Сегодня моя личная стилистка вырядилась в спортивный костюм с отвисшими коленками и дополнила облик оранжевым гребнем на голове, крайне несочетаемым с сережками в виде фиолетовых колец, достающими до плечей девицы. От её невообразимого вида у меня скоро набьется оскомина.
Согласно требованию училки политеса следовало не только дефилировать по комнате, но и комментировать свои действия вслух: как иду, когда поворачиваюсь, кому улыбаюсь.
— Пей средства для улучшения памяти, — сказала она сердито, выслушав невнятный рассказ о поведении на зеленой дорожке, сопровождаемый неровным цоканьем. — Зачем стараться, если заранее видно провал?
— Вивочка, пожалей! — умоляюще сложила руки Аффа, заступаясь. — После экзаменов язык в косу заплетается.
Не только язык, но и душа, — подумала я мрачно, взглянув мельком на часы. Половина седьмого и темень за окном. И почему одна балда порвала карточку, не запомнив адрес? Надо же быть такой недалёкой! Хоть сейчас беги и склеивай.
— Хорошо, — согласилась недовольно стилистка, будто не толклась утром перед экзаменационными дверями, и взмахнула рукой с малиновыми ногтями-саблями: — Продолжай.

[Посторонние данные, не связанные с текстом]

(* Let $T,R,K>0$, $I\ge2$, and let the data $a_i,b_i,c_i,f_i\in W^{1,\infty}([0,T]\times[0,R]\times[0,K])$, $\alpha_i\in W^{1,\infty}([0,T]\times[0,K],\mathbb{R}_+)$, $r\in W^{1,\infty}([0,T]\times[0,K],\mathbb{R}_+)$, $\phi\in W^{1,\infty}([0,T]\times[0,K])$, $\psi$, $g$ satisfy the assumptions listed in the context (in particular $a_i\ge\underline{a}>0$, $\alpha_i\ge\underline{\alpha}>0$, $r\ge0$). Let $u,v\in\mathfrak{C}^{1,2,0}_{\{0\}}(\Omega_T)$ where $u$ is a super solution and $v$ a sub solution, i.e. for all $i$: $$\partial_tu_i-a_i\partial_x^2u_i+b_i\partial_xu_i+c_iu_i-f_i\ge0\ (\text{resp. for }v:\le 0)\ \text{on }(0,T)\times(0,R)\times(0,K),$$ $$\partial_lu(t,0,l)+\sum_{i=1}^I\alpha_i(t,l)\partial_xu_i(t,0,l)-r(t,l)u(t,0,l)-\phi(t,l)\le0\ (\text{resp. for }v:\ge0),\quad (t,l)\in(0,T)\times(0,K),$$ $$\partial_xu_i(t,R,l)\ge0\ (\text{resp. for }v:\le0),\quad (t,l)\in(0,T)\times(0,K).$$ Assume moreover that $u_i(0,x,l)\ge v_i(0,x,l)$ and $u_i(t,x,K)\ge v_i(t,x,K)$ for all $i\in\{1,\dots,I\}$, $t\in[0,T]$, $x\in[0,R]$, $l\in[0,K]$. Then $u_i(t,x,l)\ge v_i(t,x,l)$ for all $i$ and all $(t,x,l)\in[0,T]\times[0,R]\times[0,K]$.
   Context: $\mathcal{N}_R$ is the star network of $I$ copies of $[0,R]$ glued at $0$; a function on $[0,T]\times\mathcal{N}_R\times[0,K]$ is a family $(h_i)_{i=1}^I$, $h_i:[0,T]\times[0,R]\times[0,K]\to\mathbb{R}$, with $h_i(t,0,l)=h_j(t,0,l)=:h(t,0,l)$. $\Omega_T=(0,T)\times\mathring{\mathcal{N}}_R\times(0,K)$. The class $\mathfrak{C}^{1,2,0}_{\{0\}}(\Omega_T)$ consists of such families that are continuous at the junction, with each $h_i$ continuous on $[0,T]\times[0,R]\times[0,K]$ and continuously differentiable in $x$ on $[0,T]\times[0,R]\times[0,K)$, of class $\mathcal{C}^{1,2,0}$ (one continuous $t$-derivative, two continuous $x$-derivatives) on $(0,T)\times(0,R)\times(0,K)$ with $\partial_th_i,\partial_x^2h_i$ bounded there, with $(t,l)\mapsto h(t,0,l)$ in $\mathcal{C}^{0,1}([0,T]\times[0,K))$ (continuously differentiable in $l$), and with each $h_i$ having a generalized $l$-derivative in $\bigcap_{q\in(1,\infty)}L^q$. Standing assumption on the data (called $(\mathcal{H})$ in the paper): $a_i\ge\underline{a}>0$, $\alpha_i\ge\underline{\alpha}>0$; $\psi$ continuous on $[0,T]\times\mathcal{N}_R$, $\mathcal{C}^{0,1}$ on each closed ray and $\mathcal{C}^{1,2}$ inside; $g=(g_i)$ Lipschitz, continuous at the junction, twice differentiable in $x$, with $l\mapsto g(0,l)$ differentiable; compatibility: $\partial_lg(0,l)+\sum_i\alpha_i(0,l)\partial_xg_i(0,l)-r(0,l)g(0,l)=\phi(0,l)$ for $l\in[0,K)$, $\partial_xg_i(R,l)=0$ for $l\in[0,K)$, $g_i(x,K)=\psi_i(0,x)$. *)

From HB Require Import structures.
From mathcomp Require Import all_boot all_order all_algebra.
From mathcomp Require Import all_classical all_reals all_analysis.
Set Implicit Arguments. Unset Strict Implicit. Unset Printing Implicit Defensive.
Import Order.TTheory GRing.Theory Num.Theory.
Local Open Scope classical_set_scope.
Local Open Scope ring_scope.

(* f has derivative d at x relative to D (D will always be an interval with
   nonempty interior containing x). *)
Definition has_deriv_within {R : realType} (D : set R) (f : R -> R) (x d : R) : Prop :=
  forall e : R, 0 < e -> exists2 del : R, 0 < del &
    forall y, D y -> `|y - x| < del -> `|f y - f x - d * (y - x)| <= e * `|y - x|.

Definition itv_cc {R : realType} (a b : R) : set R := [set y | a <= y <= b].
Definition itv_oo {R : realType} (a b : R) : set R := [set y | a < y < b].
Definition itv_co {R : realType} (a b : R) : set R := [set y | a <= y < b].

И туфли понесли меня по комнате.
— Я тут подумала, — сказала девица Аффе, наблюдая критично за ковыляниями. — Накануне приема стоит принять успокоительное, а то её так и сфотографируют с глазами по сто висоров каждый.
Соседка прыснула.
— Записывай, что ли, — потребовала Вива и продолжила ликбез непросвещенных студенток, рвущихся на прием "Лица года". Я прогуливалась, топоча и слушая, а Аффа фиксировала ценный материал.

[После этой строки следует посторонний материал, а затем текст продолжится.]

Lemma iota_QF p q : iota (QF p q) = qadd (qscal p) (qscale q Y).
Proof.
case: iota_emb => _ [_ [_ [_ iota1]]].
rewrite -qscale_qone -iota1 -iota_ecomb; congr iota.
by apply: qf_ext => /=; ring.
Qed.

(* [Y] squares to [d < 0], so it cannot have a nonzero real part. *)
Lemma iota_sqrt :
  q0 Y = 0 /\ qa * q1 Y ^+ 2 + qb * q2 Y ^+ 2 - qa * qb * q3 Y ^+ 2 = d%:~R.
Proof.
case: iota_emb => _ [_ [iotaM _]].
have := iotaM (QF 0 1) (QF 0 1).
have -> : emul d (QF 0 1) (QF 0 1) = QF d%:~R 0 by apply: qf_ext => /=; ring.
rewrite iota_QF -/Y => /quat_eqP[] /=.
set y0 := q0 Y; set y1 := q1 Y; set y2 := q2 Y; set y3 := q3 Y => e0 e1 e2 e3.
have d_neg : d%:~R < 0 :> rat by rewrite ltrz0.
have [y00 | y0_neq0] := eqVneq y0 0.
  by split=> //; move: e0; rewrite y00; lra.
exfalso.
have y1_0 : y1 = 0 by apply: (mulfI y0_neq0); lra.
have y2_0 : y2 = 0 by apply: (mulfI y0_neq0); lra.
have y3_0 : y3 = 0 by apply: (mulfI y0_neq0); lra.
move: e0; rewrite y1_0 y2_0 y3_0; have := sqr_ge0 y0; rewrite expr2; lra.
Qed.

Lemma iotaE p q : iota (QF p q) = Quat p (q * q1 Y) (q * q2 Y) (q * q3 Y).
Proof. by rewrite iota_QF; apply: quat_ext; rewrite /= ?iota_sqrt.1; ring. Qed.

Lemma iota_scale c x : iota (escale c x) = qscale c (iota x).
Proof. by case: iota_emb => _ [_ [_ []]]. Qed.

Lemma iota_ecomb1 a b x : iota (ecomb a b eone x) = qadd (qscal a) (qscale b (iota x)).
Proof.
by case: iota_emb => _ [_ [_ [_ iota1]]]; rewrite iota_ecomb iota1 qscale_qone.
Qed.

Lemma in_VD_iota x : in_VD (iota x) <-> qre x = 0.
Proof.
case: x => p q; rewrite /in_VD /qTr iotaE.
split=> [/(congr1 q0) /= | /= ->]; first lra.
by apply: quat_ext => /=; ring.
Qed.

Lemma qNm_iota x : qNm qa qb (iota x) = qscal (enorm d x).
Proof.
case: x => p q; rewrite iotaE /qNm /enorm -iota_sqrt.2.
by apply: quat_ext => /=; ring.
Qed.

Lemma in_VD_qNm_eq w a : qre w = 0 -> in_image iota a -> in_VD a ->
  qNm qa qb a = qNm qa qb (iota w) ->
  exists2 s : int, s ^+ 2 = 1 & a = qscale s%:~R (iota w).
Proof.
move=> re_w [e <-] /in_VD_iota re_e; rewrite !qNm_iota => /(congr1 q0) /=.
rewrite /enorm re_w re_e => e_norm.
have d_neq0 : d%:~R != 0 :> rat by rewrite intr_eq0 ltr0_neq0.
have /eqP : (qim e - qim w) * (qim e + qim w) = 0 by apply: (mulfI d_neq0); lra.
rewrite mulf_eq0 => /orP[] /eqP im_e; [exists 1 | exists (-1)] => //;
  by rewrite -iota_scale; congr iota; apply: qf_ext; rewrite /= ?re_e ?re_w; lra.
Qed.

End Embedding.

Section OptimalEmbedding.
Variables (qa qb : rat) (O : quat -> Prop) (d : int) (iota f : qf -> quat).
Hypothesis d_imag : imag_quadratic d.
Hypothesis iota_emb : is_embedding qa qb d iota.
Hypothesis f_oE : forall x, in_oE d x -> in_image iota (f x) /\ O (f x).
Hypothesis f_onto : forall z, in_image iota z -> O z -> exists x, in_oE d x /\ f x = z.
Hypothesis fD : forall x y, in_oE d x -> in_oE d y -> f (eadd x y) = qadd (f x) (f y).
Hypothesis fM :
  forall x y, in_oE d x -> in_oE d y -> f (emul d x y) = qmul qa qb (f x) (f y).
Hypothesis f1 : f eone = qone.

Lemma f_ezero : f ezero = qscal 0.
Proof.
have := fD (ezero_in_oE d) (ezero_in_oE d).
rewrite (_ : eadd ezero ezero = ezero); last by apply: qf_ext => /=; ring.
by case/quat_eqP => /= e0 e1 e2 e3; apply: quat_ext => /=; lra.
Qed.

Lemma f_natscale (n : nat) x : in_oE d x -> f (escale n%:R x) = qscale n%:R (f x).
Proof.
move=> x_oE; elim: n => [|n IHn].
  rewrite (_ : escale 0%:R x = ezero) ?f_ezero; last by apply: qf_ext => /=; ring.
  by apply: quat_ext => /=; ring.
rewrite (_ : escale n.+1%:R x = eadd (escale n%:R x) x); last first.
  by apply: qf_ext; rewrite /= -addn1 natrD; ring.
rewrite fD ?IHn //; last exact: (in_oE_intscale n).
by apply: quat_ext; rewrite /= -addn1 natrD; ring.
Qed.

Lemma f_intscale (k : int) x : in_oE d x -> f (escale k%:~R x) = qscale k%:~R (f x).
Proof.
move=> x_oE; case: k => n; first exact: f_natscale.
have := fD (in_oE_intscale (Negz n) x_oE) (in_oE_intscale n.+1 x_oE).
rewrite (_ : eadd _ _ = ezero) ?f_ezero; last by apply: qf_ext; rewrite /= NegzE; ring.
move/esym/qadd_eq0 ->; rewrite [f _](f_natscale n.+1 x_oE) qscaleA NegzE.
by congr qscale; rewrite intrN; ring.
Qed.

Lemma f_ecomb_omega (u v : int) :
  f (ecomb u%:~R v%:~R eone (omega d)) =
  qadd (qscal u%:~R) (qscale v%:~R (f (omega d))).
Proof.
have one_oE := eone_in_oE d; have omega_oE := in_oE_omega d.
by rewrite fD ?f_intscale ?f1 ?qscale_qone //; exact: in_oE_intscale.
Qed.

Lemma f_omega : exists2 t, iota t = f (omega d) & t = omega d \/ t = econj (omega d).
Proof.
have omega_oE := in_oE_omega d.
have [[t iota_t] _] := f_oE omega_oE; exists t => //.
case: d_imag => d_lt0 _; apply: (minpoly_root_eq d_lt0).
case: iota_emb => iota_inj [_ [iotaM [_ iota1]]]; apply: iota_inj.
have /in_oEE[/intrP[T eT] /intrP[N eN]] := omega_oE.
rewrite iotaM iota_t -fM // emul_sqr eT eN -intrN f_ecomb_omega.
by rewrite intrN (iota_ecomb1 iota_emb) iota_t.
Qed.

Lemma f_eq_iota :
  (forall x, in_oE d x -> f x = iota x) \/
  (forall x, in_oE d x -> f x = iota (econj x)).
Proof.
case: d_imag => _ d_sqf.
have [t iota_t t_conj] := f_omega.
have f_t u v : f (ecomb u%:~R v%:~R eone (omega d)) = iota (ecomb u%:~R v%:~R eone t).
  by rewrite f_ecomb_omega (iota_ecomb1 iota_emb) iota_t.
case: t_conj => t_def; [left | right] => x /(in_oE_omegaP _ d_sqf)[u [v ->]];
  by rewrite f_t t_def ?econj_ecomb1.
Qed.

Lemma image_oEP z : (exists x, in_oE d x /\ iota x = z) <-> in_image iota z /\ O z.
Proof.
split=> [[x [x_oE <-]] | [z_img Oz]].
  split; first by exists x.
  case: f_eq_iota => f_iota; first by rewrite -f_iota //; case: (f_oE x_oE).
  have xc_oE := econj_in_oE x_oE.
  by rewrite -[x]econjK -f_iota //; case: (f_oE xc_oE).
have [x [x_oE <-]] := f_onto z_img Oz.
case: f_eq_iota => f_iota; rewrite f_iota //.
  by exists x.
by exists (econj x); split; first exact: econj_in_oE.
Qed.

End OptimalEmbedding.

Definition sqrt_disc (d : int) : qf := QF 0 (2 * qim (omega d)).

Lemma enorm_sqrt_disc d : enorm d (sqrt_disc d) = - (4 * d%:~R * qim (omega d) ^+ 2).
Proof. by rewrite /enorm /=; ring. Qed.

Section TraceZeroLattice.
Variables (qa qb : rat) (O : quat -> Prop) (d : int) (iota : qf -> quat).
Hypothesis d_imag : imag_quadratic d.
Hypothesis iota_emb : is_embedding qa qb d iota.
Hypothesis iota_oE :
  forall z, (exists x, in_oE d x /\ iota x = z) <-> in_image iota z /\ O z.

Let d_lt0 : d < 0. Proof. by case: d_imag. Qed.

(* [sqrt_disc d = 2 omega - Tr omega], which lies in [Z + 2 o_E]. *)
Lemma in_LO_sqrt_disc (n : int) : in_LO O (iota (escale n%:~R (sqrt_disc d))).
Proof.
have omega_oE := in_oE_omega d; have /in_oEE[/intrP[T eT] _] := omega_oE.
split; last by apply/(in_VD_iota d_lt0 iota_emb) => /=; rewrite mulr0.
exists (- n * T), (iota (escale n%:~R (omega d))); split.
  apply: (proj2 ((iota_oE _).1 _)).
  by exists (escale n%:~R (omega d)); split=> //; exact: in_oE_intscale.
rewrite -(iota_ecomb1 iota_emb); congr iota.
by apply: qf_ext; rewrite /= intrM intrN -eT /eTr; ring.
Qed.

Lemma image_in_LOP z :
  in_image iota z /\ in_LO O z <->
  exists n : int, z = qscale n%:~R (iota (sqrt_disc d)).
Proof.
split=> [[[e <-] [[n [y [Oy e_ny]]] e_VD]] | [n ->]]; last first.
  rewrite -(iota_scale iota_emb).
  by split; [exists (escale n%:~R (sqrt_disc d)) | exact: in_LO_sqrt_disc].
have y_img : in_image iota y.
  exists (ecomb (- n%:~R / 2) (1 / 2) eone e).
  by rewrite (iota_ecomb1 iota_emb) e_ny; apply: quat_ext => /=; field.
have [x [x_oE iota_x]] := (iota_oE y).2 (conj y_img Oy).
have [u [v ex]] := (in_oE_omegaP x (proj2 d_imag)).1 x_oE.
have e_nx : e = ecomb n%:~R 2 eone x.
  case: iota_emb => iota_inj _; apply: iota_inj.
  by rewrite (iota_ecomb1 iota_emb) iota_x.
have /(in_VD_iota d_lt0 iota_emb) re_e := e_VD.
exists v; rewrite -(iota_scale iota_emb); congr iota.
apply: qf_ext; rewrite /= ?re_e ?mulr0 //.
by rewrite e_nx ex /=; ring.
Qed.

End TraceZeroLattice.

Theorem lemma3p2 (qa qb : rat) (O : quat -> Prop) (d Delta : int)
    (iota : qf -> quat) :
  qa < 0 -> qb < 0 ->
  is_Eichler_order qa qb O ->
  imag_quadratic d ->
  is_fund_disc d Delta ->
  is_optimal_embedding qa qb d O iota ->
  (forall z, (exists x, in_oE d x /\ iota x = z) <-> (in_image iota z /\ O z)) /\
  (exists a, in_image iota a /\ in_VD a /\ qNm qa qb a = qscal (- Delta%:~R)) /\
  (forall a, in_image iota a -> in_VD a -> qNm qa qb a = qscal (- Delta%:~R) ->
     (in_image iota a /\ in_LO O a) /\
     (forall z, (in_image iota z /\ in_LO O z) <->
                exists n : int, z = qscale n%:~R a)).
Proof.
move=> _ _ _ d_imag d_disc [iota_emb [f [f_oE [_ [f_onto [fD [fM f1]]]]]]].
have d_lt0 : d < 0 by case: d_imag.
have iota_oE := image_oEP d_imag iota_emb f_oE f_onto fD fM f1.
have LO_eq := image_in_LOP d_imag iota_emb iota_oE.
have Nm_sqrt_disc : qNm qa qb (iota (sqrt_disc d)) = qscal (- Delta%:~R).
  by rewrite (qNm_iota d_lt0 iota_emb) enorm_sqrt_disc (fund_disc_omega d_imag d_disc).
split; first exact: iota_oE.
split.
  exists (iota (sqrt_disc d)); split; first by exists (sqrt_disc d).
  by split; last exact: Nm_sqrt_disc; apply/(in_VD_iota d_lt0 iota_emb).
move=> a a_img a_VD; rewrite -Nm_sqrt_disc.
have re_sqrt_disc : qre (sqrt_disc d) = 0 by [].
case/(in_VD_qNm_eq d_lt0 iota_emb re_sqrt_disc a_img a_VD) => s s2 ->.
split; first by apply/LO_eq; exists s.
move=> z; rewrite LO_eq; split=> -[n ->]; exists (n * s);
  by rewrite qscaleA -intrM // -mulrA -expr2 s2 mulr1.
Qed.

— Миновав зеленую дорожку, вы попадете в Большой парадный холл, а через него в Большой торжественный зал. Не бойся, не заблудитесь.
— Скучно, — пробурчала Аффа. — Всё у них большое, и ни капли фантазии в названиях.
— Надо же как-то возвеличиваться, — парировала стилистка. — Большой зал предназначен для заслушивания речи премьер-министра и рассчитан на четыре тысячи мест, расположенных в партере, бенуаре, бельэтаже и трех ярусах. На ваших билетах не указаны посадочные места. Нужная информация проявится, когда войдете в Большой парадный холл. Но учти, размахивать на публике билетом считается дурным тоном. Нужно вести себя с достоинством.
— К чему сложности с распределением мест? — поинтересовалась соседка, словно не мне, а ей предстояло выяснять, куда приткнуться во время торжественной речи.
— Об этом в источниках не упоминается, — пожала плечами Вива. — Наверное, для остроты ощущений. Говорят, будто ряд и место проявляются на билете случайным методом, и невозможно предугадать, кто окажется соседом: какой-нибудь министр или кинозвезда.
— Значит, мы с Петей можем оказаться в разных углах зала? — ужаснулась я перспективе затеряться в толчее среди знаменитостей.
— Ваши билеты связаны. На каждом из них должен быть особый значок в уголке. Так что программа случайного выбора места посадит вас где угодно, но рядом.
— И в первом ряду? — втиснулась засиявшая Аффа.
— И в первом.
Не вижу повода для восторгов. Я бы с удовольствием забилась на самый верхний ярус и в самый дальний угол, лишь бы не сидеть впереди, боясь лишний раз пошевелиться и ощущая затылком присутствие четырехтысячного зала. Вдруг не вовремя зачешется нос, или захочется чихнуть? А это провал, потому что обычно чихаю звонко.
Вдруг судьба выберет в соседи… отца и его женушку? Или мне достанется место около Мэла и его спутницы? Кстати, за какие достижения ему выпала честь протирать штаны, слушая речь премьер-министра?
— Четыре тысячи, которые прославили отчизну, — пробормотала я, забыв о выгуле, но Вива живо напомнила, подтолкнув.
— Неа, — вставила слово Аффа. — Из всех гостей от силы человек двести-триста заслужили право быть "лицами года", как например твой Петя из-за победы на чемпионате. Остальные гости — элита. Избранные, верхушка. Так что считай, тебе несказанно повезло.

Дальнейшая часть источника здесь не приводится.